PROBLEM DETAILS =
The required output is the line containing "Unset Printing Implicit Defensive." followed by every later line through the end of the data, all reproduced exactly.

GIVEN INFORMATION section start

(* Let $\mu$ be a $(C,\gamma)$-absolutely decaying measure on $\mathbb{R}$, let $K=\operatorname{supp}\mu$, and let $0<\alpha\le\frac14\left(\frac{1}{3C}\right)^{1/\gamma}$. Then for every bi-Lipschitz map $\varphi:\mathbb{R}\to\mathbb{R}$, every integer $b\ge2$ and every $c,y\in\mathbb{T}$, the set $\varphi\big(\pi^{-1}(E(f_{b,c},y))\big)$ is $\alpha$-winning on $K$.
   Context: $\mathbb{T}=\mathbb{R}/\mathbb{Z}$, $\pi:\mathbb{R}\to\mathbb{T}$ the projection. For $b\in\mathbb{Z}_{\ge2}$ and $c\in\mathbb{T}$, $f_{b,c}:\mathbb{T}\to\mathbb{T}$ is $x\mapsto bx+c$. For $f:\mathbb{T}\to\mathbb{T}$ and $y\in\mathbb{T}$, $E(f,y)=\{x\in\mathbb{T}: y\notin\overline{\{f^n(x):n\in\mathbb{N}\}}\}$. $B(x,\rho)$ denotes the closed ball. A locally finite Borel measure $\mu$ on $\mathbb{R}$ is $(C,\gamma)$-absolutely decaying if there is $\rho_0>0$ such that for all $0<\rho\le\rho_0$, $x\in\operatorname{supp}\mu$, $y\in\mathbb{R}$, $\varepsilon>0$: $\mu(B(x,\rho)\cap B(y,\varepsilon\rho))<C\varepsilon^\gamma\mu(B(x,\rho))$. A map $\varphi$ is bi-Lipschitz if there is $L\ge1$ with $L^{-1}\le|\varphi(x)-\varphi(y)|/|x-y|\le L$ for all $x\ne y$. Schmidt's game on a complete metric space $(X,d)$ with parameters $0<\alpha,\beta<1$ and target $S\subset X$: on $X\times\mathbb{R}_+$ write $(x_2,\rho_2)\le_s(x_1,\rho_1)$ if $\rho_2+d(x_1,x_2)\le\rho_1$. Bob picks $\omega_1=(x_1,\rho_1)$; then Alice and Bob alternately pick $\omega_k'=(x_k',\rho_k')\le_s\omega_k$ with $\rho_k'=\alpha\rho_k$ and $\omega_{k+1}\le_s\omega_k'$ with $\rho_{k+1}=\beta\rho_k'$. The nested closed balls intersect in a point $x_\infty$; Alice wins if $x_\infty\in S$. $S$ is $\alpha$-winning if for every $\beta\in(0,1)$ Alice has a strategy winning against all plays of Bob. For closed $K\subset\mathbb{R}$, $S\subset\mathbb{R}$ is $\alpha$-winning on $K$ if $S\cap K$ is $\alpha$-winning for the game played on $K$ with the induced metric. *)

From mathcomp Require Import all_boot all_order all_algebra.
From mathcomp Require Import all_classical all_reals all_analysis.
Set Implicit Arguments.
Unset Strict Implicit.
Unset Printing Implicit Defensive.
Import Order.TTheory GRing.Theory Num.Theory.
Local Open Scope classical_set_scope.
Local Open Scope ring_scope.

GIVEN INFORMATION section end

RESPONSE BOX =
Unset Printing Implicit Defensive.
Import Order.TTheory GRing.Theory Num.Theory.
Local Open Scope classical_set_scope.
Local Open Scope ring_scope.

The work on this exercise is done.